What is unusual about what I would call a true MLC is that the marriage was happy, prior to MLC, and the bolt came out of the blue for the LBS. [ I do not think that this is because LBS are stupid or complacent.] That theme of a 'bomb' comes over and over again through these boards, and elsewhere.
In additon to being extremely selfish, the MLCer rewrites history, to the extent that they say things that are demostrably false. Obviously one cannot argue with a perception 'I never loved you' even if the evidence in the form of gestures, letters, and other behaviours suggests that this isn't true. But they truly try and rewrite facts, which is frightening.
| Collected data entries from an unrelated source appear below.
(* Induction on the number of elements of P[M] whose C-combination gives the
   coefficients of E: the commutators E u f, f the first of them, need one
   fewer, and vanish by induction. *)
Lemma relation_vanishes n E D :
  size D = n -> C_fsum E -> fs_eval E = 0 ->
  (forall d, d \in D -> d.1 \in C /\ PM_fsum d.2) -> coef_combination E D ->
  formally_zero E.
Proof.
elim: n E D => [|n IH] E [|[c f] D] //=.
  by move=> _ _ _ _ combE w; rewrite combE big_nil.
move=> [sizeD] CE E0 DCP combE.
have [cC Pf] := DCP _ (mem_head _ _).
have DCP' d : d \in D -> d.1 \in C /\ PM_fsum d.2.
  by move=> dD; apply/DCP/(@mem_behead _ ((c, f) :: D)).
have [f0|nzf] := formally_zero_dec f.
  by apply: (IH E D) => // x; rewrite combE big_cons /= f0 mulr0 add0r.
apply: (relation_vanishes_core CE E0 Pf nzf) => u uM.
apply: (IH _ [seq (d.1, fs_commutator d.2 u f) | d <- D]).
- by rewrite size_map.
- exact: C_fsum_commutator.
- by rewrite fs_eval_commutator // E0 !mul0r mulr0 subrr.
- by move=> _ /mapP [d /DCP' [dC Pd] ->]; split; last apply: PM_fsum_commutator.
- by apply: combination_commutator => // x d _; rewrite PM_fsum_coef_comm.
Qed.

End MonoidRing.


Unset Implicit Arguments.

(* A relation sum_i c_i m_i = 0 is the formal sum E = [(c_i, m_i)], whose
   coefficients are the combination of the monomials m_i with coefficients
   c_i; so E is formally zero, i.e. each c_i vanishes. *)
Theorem lemma2p1 (R : pzRingType) (M C : pred R) :
  submonoid_of_units M ->
  subring C ->
  PM_is_monoid_ring M ->
  (forall c f, c \in C -> in_PM M f -> c * f = 0 -> c = 0 \/ f = 0) ->
  {in M & C, forall m c, m * c = c * m} ->
  orderable_monoid M ->
  embeds_trivial_center M ->
  CM_is_monoid_ring C M.
Proof.
move=> [M1 mulM _] C_subring PM_free C_PM_domain MC_comm [lt lt_order] M_centerless.
move=> n m c m_inj mM cC rel i.
pose E := [seq (c j, m j) | j <- index_enum 'I_n].
pose D := [seq (c j, [:: (1 : R, m j)]) | j <- index_enum 'I_n].
have CE : C_fsum M C E by move=> _ /mapP [j _ ->]; split; [apply: cC | apply: mM].
have E0 : fs_eval E = 0 by rewrite /fs_eval big_map.
have DCP d : d \in D -> d.1 \in C /\ PM_fsum M d.2.
  move=> /mapP [j _ ->]; split; first exact: cC.
  by split=> p; rewrite inE => /eqP ->; [apply: mM | exists 1].
have combE : coef_combination E D.
  move=> x; rewrite /fs_coef !big_map big_mkcond; apply: eq_bigr => j _ /=.
  by rewrite big_cons big_nil; case: eqP; rewrite ?addr0 ?mulr1 ?mulr0.
have := relation_vanishes M1 mulM C_subring PM_free C_PM_domain MC_comm M_centerless
          lt_order (erefl (size D)) CE E0 DCP combE (m i).
by rewrite /fs_coef big_map (big_pred1 i) // => j; apply: (inj_eq m_inj).
Qed.
Lemma essential_rann_nilpotent z : essential (rann z) -> exists k, p (z ^+ k).
Proof.
move=> Hz; have [N HN] := ann_stable_pow z; exists N.+1.
set y := z ^+ N.+1 in HN *.
have Hy : essential (rann y).
  apply: (essential_mono Hz) => s; rewrite /lpreim /y exprSr -mulrA; apply: pL.
have yRp : incl (lmul_add y (@fullset R) p) p.
  apply: Hy => [||w [[a [q [_ [pq ->]]]] h]].
  - exact: right_ideal_lmul_add p_right_ideal.
  - by move=> q; apply: lmul_addr.
  apply: pD => //; apply: HN; move: h; rewrite /lpreim mulrDr => h.
  by rewrite -(addrK (y * q) (y * (y * a))); apply: pB => //; apply: pL.
by apply: yRp; rewrite -[X in lmul_add _ _ _ X]mulr1; exact: lmul_addl p_right_ideal _.
Qed.

(* The right singular ideal of R/p is zero. *)
Lemma essential_rann x : essential (rann x) -> p x.
Proof.
move=> Hx; pose L z := exists s, p (z - x * s).
have HL : right_ideal L.
  split; first by exists 0; rewrite mulr0 subr0; exact: p0.
  - move=> a b [s hs] [t ht]; exists (s - t).
    have -> : a - b - x * (s - t) = (a - x * s) - (b - x * t).
      by rewrite mulrBr !opprB addrACA [RHS]addrACA [- (x * s) + _]addrC.
    exact: pB.
  - by move=> a r [s hs]; exists (s * r); rewrite mulrA -mulrBl; apply: pM.
apply: (nil_right_ideal HL); last by exists 1; rewrite mulr1 subrr; exact: p0.
move=> z [s hs]; apply: essential_rann_nilpotent.
have Hs : essential (lpreim s (rann x)).
  by apply: essential_lpreim => //; [exact: right_ideal_rann|exact: p_sub_rann].
apply: (essential_mono Hs) => a; rewrite /lpreim mulrA => h.
by rewrite -(subrK (x * s) z) mulrDl; apply: pD => //; apply: pM.
Qed.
Part of MLC is midlife transition, but in MLC [IMO] it is compounded by issues arising from childhood emotional abandonment, and in some cases abuse. This is another common theme that runs through these boards. Of course not every abused person has a MLC. Some seek counselling, and help because they have enough emotional intelligence to know that they have problems. Others are simply more resilient.
I believe that two contributory factors as to whether people reconcile successfully, is the strength of the marriage prior to MLC - that is there is really something worth hanging on to, and not just a relationship of time and habit - and the depth/extent of the emotional damage. Clearly those that seek help will tend to move on more successfully, whether to reconciliation, or with their own lives. Seeking help is a recognition of a problem that lies within rather than continuing to blame everything on externalities, and seek solutions outside.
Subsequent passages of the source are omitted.